We have cited literature spanning from 1993 to 2021 (about 20 papers) covering all the key aspects concerning Wilms Tumor! In addition, we have also added two recent papers concerning infiltrating CD8⁺T cells and TGFb as possible biomarkers of WT. Therefore, we believe to have provided updated literature.

Round 2

Reviewer 3 Report

The authors have tried to reorganize the manuscript to make it more focused. However, the manuscript needs to be revised before acceptance. 

• In the introduction, the authors have added info about activating receptors of NK cells which is highly elaborated and lacks clarity. Rephrase it and just mention the names of the activating receptors.
• Line 237: Discuss in detail the therapeutic potential of targeting TAZ in neuroblastoma, including the potential use of TAZ inhibitors available. Add current literature highlighting targeting TAZ in NB (PMID 33347823).
• Add references in heading  TME of Wilms tumor (27974111, 15246157)

      4) Line 382: Add references related to modulating M2 polarization strategies (PMID: 32983125, 28117416)

Author Response

The authors have tried to reorganize the manuscript to make it more focused. However, the manuscript needs to be revised before acceptance. 

We thank the reviewer for his/her helpful suggestions. All the modified sentences are in bold and in blue characters.

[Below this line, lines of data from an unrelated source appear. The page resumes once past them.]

(* Consider ballistic deposition started from the empty configuration. There exists a constant $A>0$ such that, with probability at least $1-\varepsilon_N$ where $\sum_N\varepsilon_N<\infty$ (in the paper's words: almost surely, for all $N$ large enough), $$\max_{i\in G_N}\sigma_i(N)\le A\log N .$$
   Context: Deposition models. Fix an integer $N\ge2$ and let $G_N=\{1,\dots,N\}$. A configuration is $\sigma=(\sigma_1,\dots,\sigma_N)\in\mathbb N^N$, $\sigma_i$ being the height of column (pile) $i$; the cluster is $\bigcup_i\{i\}\times\{0,\dots,\sigma_i\}$. Given the current configuration $\sigma$, an explorer is a walk $S_n=(X_n,Z_n)$, $n\ge0$, with $(X_n)$ i.i.d. uniform on $G_N$, $Z_0=\max_i\sigma_i+1$, and for ballistic deposition $Z_{n+1}-Z_n=-1$ for all $n$ (for diffusive deposition the increments are instead i.i.d. uniform on $\{-1,+1\}$). Let $n^*=\inf\{n\ge0:Z_n\le\sigma_{X_n}\}$ and $X^*=X_{n^*}$; the explorer attaches to column $X^*$, i.e. the new configuration is $\sigma+e_{X^*}$. Explorers are sent one at a time, independently, and $\sigma(t)$ denotes the configuration after $t$ explorers, with $\sigma(0)=(0,\dots,0)$. *)

From Stdlib Require Import Reals Arith List.
Import ListNotations.
Open Scope R_scope.

(* Columns are indexed 0, ..., N-1 (standing for G_N = {1,...,N}).
   A configuration is a function sigma : nat -> nat; only its values
   on 0..N-1 matter. *)
Definition config := nat -> nat.

Definition col_sum (N : nat) (f : nat -> R) : R :=
  fold_right (fun i acc => f i + acc) 0 (seq 0 N).

Definition maxh (N : nat) (s : config) : nat :=
  fold_right (fun i m => Nat.max (s i) m) 0%nat (seq 0 N).

Definition add_col (s : config) (j : nat) : config :=
  fun i => if Nat.eqb i j then S (s i) else s i.

(* Ballistic deposition: probability that an explorer whose current
   height is z (before drawing its next uniform column X) attaches to
   column j, given configuration s.  It draws X uniform on the columns;
   if z <= s X it attaches to X, otherwise its height becomes z-1.
   (At z = 0 it always attaches, since s X >= 0.) *)
Fixpoint attach (N : nat) (s : config) (z : nat) (j : nat) : R :=
  col_sum N (fun x => / INR N *
    (if Nat.leb z (s x) then (if Nat.eqb x j then 1 else 0)
     else match z with
          | O => 0
          | S z' => attach N s z' j
          end)).

Definition kernel (N : nat) (s : config) (j : nat) : R :=
  attach N s (S (maxh N s)) j.

(* Expectation of f(sigma(t)) when t explorers are sent one at a time
   from configuration s. *)
Fixpoint evolve (N : nat) (t : nat) (f : config -> R) (s : config) : R :=
  match t with
  | O => f s
  | S t' => col_sum N (fun j => kernel N s j * evolve N t' f (add_col s j))
  end.

Definition empty_config : config := fun _ => 0%nat.

Definition prob_max_le (N t : nat) (b : R) : R :=
  evolve N t (fun s => if Rle_dec (INR (maxh N s)) b then 1 else 0)
    empty_config.

From Stdlib Require Import Reals Arith List Lra Lia.
Open Scope R_scope.

(** Consider the potential [Φ_r(σ) = Σ_i α_r ^ (σ_i + 1)].  A new particle
    lands on column [j] with probability at most [(σ_j + 1) / N], since it can
    only stick there at one of the heights [0, ..., σ_j] it passes.  Hence one
    deposition raises the mean of [Φ_r] by at most
    [(α_r - 1) / N * Σ_i (σ_i + 1) α_r ^ (σ_i + 1)], which Bernoulli's
    inequality absorbs into the larger base [α_(r+1) = α_r (1 + (α_r - 1) / N)].
    Starting from [α_0 = 11/10], the base stays below [2] for [N] steps, so
    after [N] particles [E Φ_0 <= Φ_N(0) <= 2 N].  On the other hand a column
    higher than [3 ln N / ln (11/10)] forces [Φ_0 > N ^ 3], and Markov's
    inequality bounds the failure probability by the summable [2 / N ^ 2]. *)

Definition lsum (l : list nat) (f : nat -> R) : R :=
  fold_right (fun i acc => f i + acc) 0 l.

Lemma col_sum_lsum N f : col_sum N f = lsum (seq 0 N) f.
Proof. reflexivity. Qed.

Lemma lsum_ext l f g : (forall i, In i l -> f i = g i) -> lsum l f = lsum l g.
Proof.
  induction l as [|a l IH]; intros Hfg; simpl; [reflexivity|].
  rewrite Hfg, IH; auto with datatypes.
Qed.

Lemma lsum_le l f g : (forall i, In i l -> f i <= g i) -> lsum l f <= lsum l g.
Proof.
  induction l as [|a l IH]; intros Hfg; simpl; [lra|].
  apply Rplus_le_compat; auto with datatypes.
Qed.

Lemma lsum_add l f g : lsum l (fun i => f i + g i) = lsum l f + lsum l g.
Proof. induction l as [|a l IH]; simpl; [|rewrite IH]; ring. Qed.

Lemma lsum_mult_l l c f : lsum l (fun i => c * f i) = c * lsum l f.
Proof. induction l as [|a l IH]; simpl; [|rewrite IH]; ring. Qed.

Lemma lsum_const l c : lsum l (fun _ => c) = INR (length l) * c.
Proof. induction l as [|a l IH]; simpl lsum; [simpl; ring|]. rewrite IH, length_cons, S_INR. ring. Qed.

Lemma lsum_0 l : lsum l (fun _ => 0) = 0.
Proof. rewrite lsum_const. ring. Qed.

Lemma lsum_nonneg l f : (forall i, In i l -> 0 <= f i) -> 0 <= lsum l f.
Proof. intros Hf. rewrite <- (lsum_0 l) at 1. now apply lsum_le. Qed.

Lemma lsum_comm l1 l2 (F : nat -> nat -> R) :
  lsum l1 (fun j => lsum l2 (fun x => F x j)) =
  lsum l2 (fun x => lsum l1 (fun j => F x j)).
Proof.
  induction l1 as [|a l1 IH]; simpl.
  - symmetry. apply lsum_0.
  - rewrite IH, <- lsum_add. reflexivity.
Qed.

Lemma lsum_term_le l f i : (forall x, In x l -> 0 <= f x) -> In i l -> f i <= lsum l f.
Proof.
  induction l as [|a l IH]; simpl; intros Hf Hi; [contradiction|].
  destruct Hi as [-> | Hi].
  - assert (0 <= lsum l f) by (apply lsum_nonneg; auto). lra.
  - assert (0 <= f a) by auto. assert (f i <= lsum l f) by auto. lra.
Qed.

Lemma lsum_indicator_notin l j h : ~ In j l ->
  lsum l (fun x => if Nat.eqb x j then h x else 0) = 0.
Proof.
  intros Hj. transitivity (lsum l (fun _ => 0)); [apply lsum_ext | apply lsum_0]. intros i Hi. destruct (Nat.eqb_spec i j); [subst; contradiction | reflexivity].
Qed.

Lemma lsum_indicator_in l j h : NoDup l -> In j l ->
  lsum l (fun x => if Nat.eqb x j then h x else 0) = h j.
Proof.
  induction l as [|a l IH]; intros Hl Hj; [contradiction|].
  inversion Hl as [|? ? Ha Hl']; subst. simpl.
  destruct (Nat.eqb_spec a j) as [<- | Haj].
  - rewrite lsum_indicator_notin by assumption. ring.
  - destruct Hj as [-> | Hj]; [congruence|]. rewrite IH by assumption. ring.
Qed.

Lemma lsum_indicator_le l j h : NoDup l -> 0 <= h j ->
  lsum l (fun x => if Nat.eqb x j then h x else 0) <= h j.
Proof.
  intros Hl Hh. destruct (in_dec Nat.eq_dec j l) as [Hj | Hj].
  - rewrite lsum_indicator_in by assumption. lra.
  - rewrite lsum_indicator_notin by assumption. lra.
Qed.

1) In the introduction, the authors have added info about activating receptors of NK cells which is highly elaborated and lacks clarity. Rephrase it and just mention the names of the activating receptors.

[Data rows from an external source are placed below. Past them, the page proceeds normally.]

Lemma geometric_cv0 (c r : R) : 0 <= r < 1 -> Un_cv (fun n => c * r ^ n) 0.
Proof.
  intros Hr eps Heps.
  assert (Hc : 0 < Rabs c + 1) by (pose proof (Rabs_pos c); lra).
  destruct (pow_lt_1_zero r ltac:(rewrite Rabs_pos_eq; lra) (eps / (Rabs c + 1))
              ltac:(apply Rdiv_lt_0_compat; lra)) as [N HN].
  exists N; intros n Hn; specialize (HN n Hn).
  unfold Rdist; rewrite Rminus_0_r, Rabs_mult.
  assert (Rabs c * Rabs (r ^ n) <= (Rabs c + 1) * Rabs (r ^ n))
    by (pose proof (Rabs_pos (r ^ n)); nra).
  assert ((Rabs c + 1) * Rabs (r ^ n) < (Rabs c + 1) * (eps / (Rabs c + 1)))
    by (apply Rmult_lt_compat_l; lra).
  replace ((Rabs c + 1) * (eps / (Rabs c + 1))) with eps in * by (field; lra).
  lra.
Qed.

Lemma Un_cv_succ (u : nat -> R) (l : R) : Un_cv u l -> Un_cv (fun n => u (S n)) l.
Proof.
  intros Hu; apply (Un_cv_ext (fun n => u (n + 1)%nat)); [|exact (CV_shift' u 1 l Hu)].
  intros n; now rewrite Nat.add_1_r.
Qed.

Section BipolarMetric.

Context {U : Type} {E P : U -> Prop} {theta : U -> U -> R}.
Hypothesis Hmetric : bipolar_metric E P theta.

Lemma bipolar_dist_nonneg e f : E e -> P f -> 0 <= theta e f.
Proof. apply Hmetric. Qed.

Lemma bipolar_dist_eq0 e f : E e -> P f -> theta e f = 0 -> e = f.
Proof. intros He Hf; apply Hmetric; assumption. Qed.

Lemma bipolar_triangle e r z f : E e -> E r -> P z -> P f ->
  theta e f <= theta e z + theta r z + theta r f.
Proof. apply Hmetric. Qed.

Lemma cauchy_biseq_diag_cv (x y : nat -> U) :
  (forall n, E (x n)) -> (forall n, P (y n)) -> cauchy_biseq theta x y ->
  Un_cv (fun n => theta (x n) (y n)) 0.
Proof.
  intros Hx Hy Hcauchy eps Heps.
  destruct (Hcauchy eps Heps) as [N HN]; exists N; intros n Hn.
  unfold Rdist; rewrite Rminus_0_r, Rabs_pos_eq by (apply bipolar_dist_nonneg; auto).
  apply HN; assumption.
Qed.

Lemma bipolar_eq_of_cv (b a : U) (x y : nat -> U) :
  E b -> P a -> (forall n, E (x n)) -> (forall n, P (y n)) ->
  Un_cv (fun n => theta b (y n)) 0 -> Un_cv (fun n => theta (x n) (y n)) 0 ->
  Un_cv (fun n => theta (x n) a) 0 -> b = a.
Proof.
  intros Hb Ha Hx Hy Hby Hxy Hxa.
  apply bipolar_dist_eq0; [assumption|assumption|].
  apply Rle_antisym; [|apply bipolar_dist_nonneg; assumption].
  assert (Hconst : Un_cv (fun _ => theta b a) (theta b a)).
  { intros eps Heps; exists 0%nat; intros; rewrite Rdist_eq; assumption. }
  replace 0 with (0 + 0 + 0) by ring.
  apply (Rle_cv_lim (fun n => bipolar_triangle b (x n) (y n) a Hb (Hx n) (Hy n) Ha)
           Hconst).
  apply CV_plus; [apply CV_plus|]; assumption.
Qed.

Section GeometricBisequence.

Variables (x y : nat -> U) (c r : R).
Hypotheses (Hx : forall n, E (x n)) (Hy : forall n, P (y n)).
Hypotheses (Hc : 0 <= c) (Hr : 0 <= r < 1).
Hypothesis Hdiag : forall n, theta (x n) (y n) <= c * r ^ n.
Hypothesis Hnext : forall n, theta (x (S n)) (y n) <= c * r ^ n.

(* D r^n = 2 (c r^n + c r^(n+1) + ...): each telescoping step adds two triangle terms. *)
Let D := 2 * c / (1 - r).

Lemma geometric_tail_sub (t : R) : D * t - D * (r * t) = 2 * c * t.
Proof. unfold D; field; lra. Qed.

Lemma dist_le_geometric_right n k :
  theta (x n) (y (n + k)%nat) <= (c + D) * r ^ n - D * r ^ (n + k).
Proof.
  induction k as [|k IH].
  - rewrite Nat.add_0_r; specialize (Hdiag n); lra.
  - rewrite Nat.add_succ_r.
    pose proof (bipolar_triangle (x n) (x (S (n + k))) (y (n + k)%nat) (y (S (n + k)))
                  (Hx _) (Hx _) (Hy _) (Hy _)).
    pose proof (Hnext (n + k)); pose proof (Hdiag (S (n + k))).
    pose proof (geometric_tail_sub (r ^ (n + k))).
    assert (c * (r * r ^ (n + k)) <= c * r ^ (n + k)).
    { apply Rmult_le_compat_l; [assumption|].
      pose proof (pow_le r (n + k) (proj1 Hr)); nra. }
    simpl pow in *; lra.
Qed.

Lemma dist_le_geometric_left m k :
  theta (x (m + k)%nat) (y m) <= (c + D) * r ^ m - D * r ^ (m + k).
Proof.
  induction k as [|k IH].
  - rewrite Nat.add_0_r; specialize (Hdiag m); lra.
  - rewrite Nat.add_succ_r.
    pose proof (bipolar_triangle (x (S (m + k))) (x (m + k)%nat) (y (m + k)%nat) (y m)
                  (Hx _) (Hx _) (Hy _) (Hy _)).
    pose proof (Hnext (m + k)); pose proof (Hdiag (m + k)).
    pose proof (geometric_tail_sub (r ^ (m + k))).
    simpl pow in *; lra.
Qed.

Lemma geometric_cauchy_biseq : cauchy_biseq theta x y.
Proof.
  intros eps Heps.
  destruct (geometric_cv0 (c + D) r Hr eps Heps) as [N HN]; exists N; intros n m Hn Hm.
  assert (HD : 0 <= D) by (apply Rmult_le_pos; [|apply Rlt_le, Rinv_0_lt_compat]; lra).
  assert (Hbound : forall k, (k >= N)%nat -> (c + D) * r ^ k < eps).
  { intros k Hk; specialize (HN k Hk); unfold Rdist in HN.
    rewrite Rminus_0_r in HN; pose proof (Rle_abs ((c + D) * r ^ k)); lra. }
  destruct (Nat.le_gt_cases n m) as [Hnm|Hmn].
  - replace m with (n + (m - n))%nat by lia.
    pose proof (dist_le_geometric_right n (m - n)).
    pose proof (pow_le r (n + (m - n)) (proj1 Hr)).
    pose proof (Hbound n Hn); nra.
  - replace n with (m + (n - m))%nat by lia.
    pose proof (dist_le_geometric_left m (n - m)).
    pose proof (pow_le r (m + (n - m)) (proj1 Hr)).
    pose proof (Hbound m Hm); nra.
Qed.

End GeometricBisequence.

End BipolarMetric.

Section PolynomialContraction.

Context {U : Type} {E P : U -> Prop} {theta : U -> U -> R} {F : U -> U}.
Context {pi : R} {sigma : nat} {q : nat -> U -> U -> R} {rho : nat} {Qrho : R}.
Hypothesis Hmetric : bipolar_metric E P theta.
Hypothesis Hcov : covariant E P F.
Hypothesis Hcontr : polynomial_contraction E P theta F pi sigma q.
Hypotheses (Hrho1 : (1 <= rho)%nat) (Hrho : (rho <= sigma)%nat) (HQ : 0 < Qrho).
Hypothesis Hqrho : forall e f, E e -> P f -> Qrho <= q rho e f.

Lemma poly_sum_nonneg e f : E e -> P f -> 0 <= poly_sum theta q sigma e f.
Proof.
  intros He Hf; apply sum_f_R0_nonneg; intros u Hu.
  apply Rmult_le_pos; [apply Hcontr; assumption|].
  apply pow_le, (bipolar_dist_nonneg Hmetric); assumption.
Qed.

Lemma poly_sum_ge_pow e f : E e -> P f -> Qrho * theta e f ^ rho <= poly_sum theta q sigma e f.
Proof.
  intros He Hf.
  assert (Hpow : 0 <= theta e f ^ rho)
    by (apply pow_le, (bipolar_dist_nonneg Hmetric); assumption).
  apply Rle_trans with (q rho e f * theta e f ^ rho).
  - apply Rmult_le_compat_r; [assumption|apply Hqrho; assumption].
  - apply (sum_f_R0_term_le (fun u => q u e f * theta e f ^ u)); [|assumption].
    intros u Hu; apply Rmult_le_pos; [apply Hcontr; assumption|].
    apply pow_le, (bipolar_dist_nonneg Hmetric); assumption.
Qed.

Lemma poly_sum_le0_eq e f : E e -> P f -> poly_sum theta q sigma e f <= 0 -> e = f.
Proof.
  intros He Hf Hle; apply (bipolar_dist_eq0 Hmetric); [assumption|assumption|].
  pose proof (poly_sum_ge_pow e f He Hf).
  destruct (Rle_lt_or_eq_dec 0 (theta e f)) as [Hpos|Hzero].
  - apply (bipolar_dist_nonneg Hmetric); assumption.
  - pose proof (pow_lt _ rho Hpos); nra.
  - symmetry; assumption.
Qed.

Lemma fixed_points_eq e f : E e -> P f -> F e = e -> F f = f -> e = f.
Proof.
  intros He Hf HFe HFf; apply poly_sum_le0_eq; [assumption|assumption|].
  destruct Hcontr as [Hpi [_ [_ Hle]]].
  pose proof (Hle e f He Hf) as Hfix; rewrite HFe, HFf in Hfix.
  pose proof (poly_sum_nonneg e f He Hf); nra.
Qed.

Lemma iter_in_E n e : E e -> E (Nat.iter n F e).
Proof. apply Nat.iter_invariant, Hcov. Qed.

Lemma iter_in_P n f : P f -> P (Nat.iter n F f).
Proof. apply Nat.iter_invariant, Hcov. Qed.

Lemma poly_sum_iter_le n e f : E e -> P f ->
  poly_sum theta q sigma (Nat.iter n F e) (Nat.iter n F f)
  <= pi ^ n * poly_sum theta q sigma e f.
Proof.
  intros He Hf; destruct Hcontr as [Hpi [_ [_ Hle]]].
  induction n as [|n IH]; simpl; [lra|].
  apply Rle_trans with (pi * poly_sum theta q sigma (Nat.iter n F e) (Nat.iter n F f)).
  - apply Hle; [apply iter_in_E|apply iter_in_P]; assumption.
  - rewrite Rmult_assoc; apply Rmult_le_compat_l; lra.
Qed.

Lemma iter_cauchy_biseq e f : E e -> P f ->
  cauchy_biseq theta (fun n => Nat.iter n F e) (fun n => Nat.iter n F f).
Proof.
  intros He Hf.
  assert (HFe : E (F e)) by (apply Hcov; assumption).
  pose proof (poly_sum_nonneg e f He Hf); pose proof (poly_sum_nonneg (F e) f HFe Hf).
  set (B := poly_sum theta q sigma e f + poly_sum theta q sigma (F e) f).
  destruct (pow_le_geometric_bound rho Qrho pi B Hrho1 HQ (proj1 Hcontr) ltac:(unfold B; lra))
    as [c [r [Hc [Hr Hbound]]]].
  assert (Hgeom : forall n e', E e' -> poly_sum theta q sigma e' f <= B ->
            theta (Nat.iter n F e') (Nat.iter n F f) <= c * r ^ n).
  { intros n e' He' HB; apply Hbound.
    - apply (bipolar_dist_nonneg Hmetric); [apply iter_in_E|apply iter_in_P]; assumption.
    - apply Rle_trans with (1 := poly_sum_ge_pow _ _ (iter_in_E n _ He') (iter_in_P n _ Hf)).
      apply Rle_trans with (1 := poly_sum_iter_le n e' f He' Hf).
      apply Rmult_le_compat_l; [apply pow_le; apply Rlt_le, Hcontr|assumption]. }
  apply (geometric_cauchy_biseq Hmetric) with c r; try assumption.
  - intros n; apply iter_in_E; assumption.
  - intros n; apply iter_in_P; assumption.
  - intros n; apply Hgeom; [assumption|unfold B; lra].
  - intros n; rewrite Nat.iter_succ_r; apply Hgeom; [assumption|unfold B; lra].
Qed.

Hypothesis Hcomplete : bipolar_complete E P theta.
Hypothesis Hcont : bipolar_continuous E P theta F.

Lemma exists_fixed_point : exists a, E a /\ P a /\ F a = a.
Proof.
  destruct Hmetric as [[e He] [[f Hf] _]].
  set (x := fun n => Nat.iter n F e); set (y := fun n => Nat.iter n F f).
  assert (Hx : forall n, E (x n)) by (intros n; apply iter_in_E; assumption).
  assert (Hy : forall n, P (y n)) by (intros n; apply iter_in_P; assumption).
  assert (Hcauchy : cauchy_biseq theta x y) by (apply iter_cauchy_biseq; assumption).
  pose proof (cauchy_biseq_diag_cv Hmetric x y Hx Hy Hcauchy) as Hxy.
  destruct (Hcomplete x y Hx Hy Hcauchy) as [[a [Pa Hxa]] [b [Eb Hyb]]].
  assert (Hba : b = a) by exact (bipolar_eq_of_cv Hmetric b a x y Eb Pa Hx Hy Hyb Hxy Hxa).
  subst b.
  exists a; split; [assumption|split; [assumption|]].
  symmetry.
  apply (bipolar_eq_of_cv Hmetric a (F a) (fun n => x (S n)) (fun n => y (S n))).
  - assumption.
  - apply Hcov; assumption.
  - intros n; apply Hx.
  - intros n; apply Hy.
  - exact (Un_cv_succ _ _ Hyb).
  - exact (Un_cv_succ _ _ Hxy).
  - exact (proj1 Hcont x a Hx Pa Hxa).
Qed.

As suggested, in the Introduction we have rephrased and shortened the third sentence concerning the description of the NK activatory receptors. We had added this sentence according to the suggestion of Reviewer 2 who asked for this paragraph. Therefore, we have tried to maintain a balance between the comments of the two We hope that the revision of this paragraph will satisfy both reviewers.

2) Line 237: Discuss in detail the therapeutic potential of targeting TAZ in neuroblastoma, including the potential use of TAZ inhibitors available. Add current literature highlighting targeting TAZ in NB (PMID 33347823).

We thank the reviewer for the suggested reference that is very interesting and important concerning TAZ pharmacological targeting. As proposed, we have discussed more in detail the therapeutic potential of targeting TAZ in neuroblastoma citing the proposed reference that shows that the YAP/TAZ-TEAD inhibitor Verteporfin causes the elimination of the NB Tumor Initiating Cells. Our comment has been included in the paragraph Diagnostic and therapeutic perspectives of the NB section.

3) Add references in heading  TME of Wilms tumor (PMID: 27974111, PMID: 15246157)

Following your suggestion we have cited reference (PMID: 27974111) adding a sentence of comment at the end of the heading General characteristics and tumor microenvironment of Wilms’ Tumor.

Concerning reference (PMID: 15246157), we preferred to add and comment this reference with a sentence that has been included in the heading Blastemal and epithelial primary cultures, at the end of the paragraph dedicated to WT primary cultures/NK cells interactions. Since the above-mentioned reference reports that  the co-culture of the  established WT cell line HFWT  with NK cells induces effects on their proliferation  and lytic function that are different from those that we have described, we thought that it was preferable comment the reference in this section of the manuscript.

 4) Line 382: Add references related to modulating M2 polarization strategies (PMID: 32983125, PMID: 28117416)

Thank you for this suggestion. We have added the references, slightly modifying the last sentence of the heading Diagnostic and therapeutic perspectives.